## TASK STATEMENT
When you reach the line containing "Definition is_group (G" in the entries below, begin reproducing lines exactly, and stop once the line containing "0 <= a /\ a < b /\ b" is done.

┌────────

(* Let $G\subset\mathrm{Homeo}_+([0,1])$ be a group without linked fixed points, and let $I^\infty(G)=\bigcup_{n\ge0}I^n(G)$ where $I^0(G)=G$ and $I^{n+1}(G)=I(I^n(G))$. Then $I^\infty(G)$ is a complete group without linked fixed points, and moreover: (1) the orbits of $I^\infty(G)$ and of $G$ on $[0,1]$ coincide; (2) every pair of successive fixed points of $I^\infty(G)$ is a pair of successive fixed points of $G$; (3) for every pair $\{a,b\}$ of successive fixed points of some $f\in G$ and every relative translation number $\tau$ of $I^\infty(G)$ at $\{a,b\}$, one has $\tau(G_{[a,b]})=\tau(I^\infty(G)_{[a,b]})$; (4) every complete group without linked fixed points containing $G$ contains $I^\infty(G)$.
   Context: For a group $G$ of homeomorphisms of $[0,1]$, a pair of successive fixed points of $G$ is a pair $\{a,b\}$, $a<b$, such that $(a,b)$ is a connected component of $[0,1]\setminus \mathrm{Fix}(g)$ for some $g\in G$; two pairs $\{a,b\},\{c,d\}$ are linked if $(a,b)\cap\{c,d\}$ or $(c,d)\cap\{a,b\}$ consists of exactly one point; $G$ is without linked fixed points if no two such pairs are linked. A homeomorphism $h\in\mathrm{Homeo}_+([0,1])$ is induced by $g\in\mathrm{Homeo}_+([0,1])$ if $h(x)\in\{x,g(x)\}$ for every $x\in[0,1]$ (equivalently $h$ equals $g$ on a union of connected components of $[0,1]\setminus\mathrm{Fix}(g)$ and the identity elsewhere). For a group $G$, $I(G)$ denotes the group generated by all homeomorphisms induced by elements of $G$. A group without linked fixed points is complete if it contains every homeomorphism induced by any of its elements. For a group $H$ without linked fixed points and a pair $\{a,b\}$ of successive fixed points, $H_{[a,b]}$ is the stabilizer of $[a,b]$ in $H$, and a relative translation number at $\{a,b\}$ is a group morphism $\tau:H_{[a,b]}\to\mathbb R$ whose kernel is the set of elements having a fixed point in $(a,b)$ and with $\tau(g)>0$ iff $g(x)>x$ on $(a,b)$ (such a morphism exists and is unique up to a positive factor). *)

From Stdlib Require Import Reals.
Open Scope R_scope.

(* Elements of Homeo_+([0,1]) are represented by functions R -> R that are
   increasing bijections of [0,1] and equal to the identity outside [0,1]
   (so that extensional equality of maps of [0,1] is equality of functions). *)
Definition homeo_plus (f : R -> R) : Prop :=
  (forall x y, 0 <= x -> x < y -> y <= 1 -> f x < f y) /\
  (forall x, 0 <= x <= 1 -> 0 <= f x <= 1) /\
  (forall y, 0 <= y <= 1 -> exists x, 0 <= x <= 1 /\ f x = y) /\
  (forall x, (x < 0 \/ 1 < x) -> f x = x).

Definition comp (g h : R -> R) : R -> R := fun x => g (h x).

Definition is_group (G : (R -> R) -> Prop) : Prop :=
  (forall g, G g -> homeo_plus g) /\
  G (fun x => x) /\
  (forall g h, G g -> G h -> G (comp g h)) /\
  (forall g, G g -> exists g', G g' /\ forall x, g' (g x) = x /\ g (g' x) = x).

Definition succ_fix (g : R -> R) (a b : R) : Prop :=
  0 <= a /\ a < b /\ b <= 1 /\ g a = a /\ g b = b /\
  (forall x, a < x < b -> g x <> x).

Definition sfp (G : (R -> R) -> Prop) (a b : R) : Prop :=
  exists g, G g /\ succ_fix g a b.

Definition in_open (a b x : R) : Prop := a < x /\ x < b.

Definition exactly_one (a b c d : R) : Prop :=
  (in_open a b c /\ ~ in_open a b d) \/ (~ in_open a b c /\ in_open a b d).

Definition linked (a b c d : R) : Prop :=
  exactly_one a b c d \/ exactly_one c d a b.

└────────

## RESPONSE AREA
Definition is_group (G : (R -> R) -> Prop) : Prop :=
  (forall g, G g -> homeo_plus g) /\
  G (fun x => x) /\
  (forall g h, G g -> G h -> G (comp g h)) /\
  (forall g, G g -> exists g', G g' /\ forall x, g' (g x) = x /\ g (g' x) = x).

Definition succ_fix (g : R -> R) (a b : R) : Prop :=
  0 <= a /\ a < b /\ b <= 1 /\ g a = a /\ g b = b /\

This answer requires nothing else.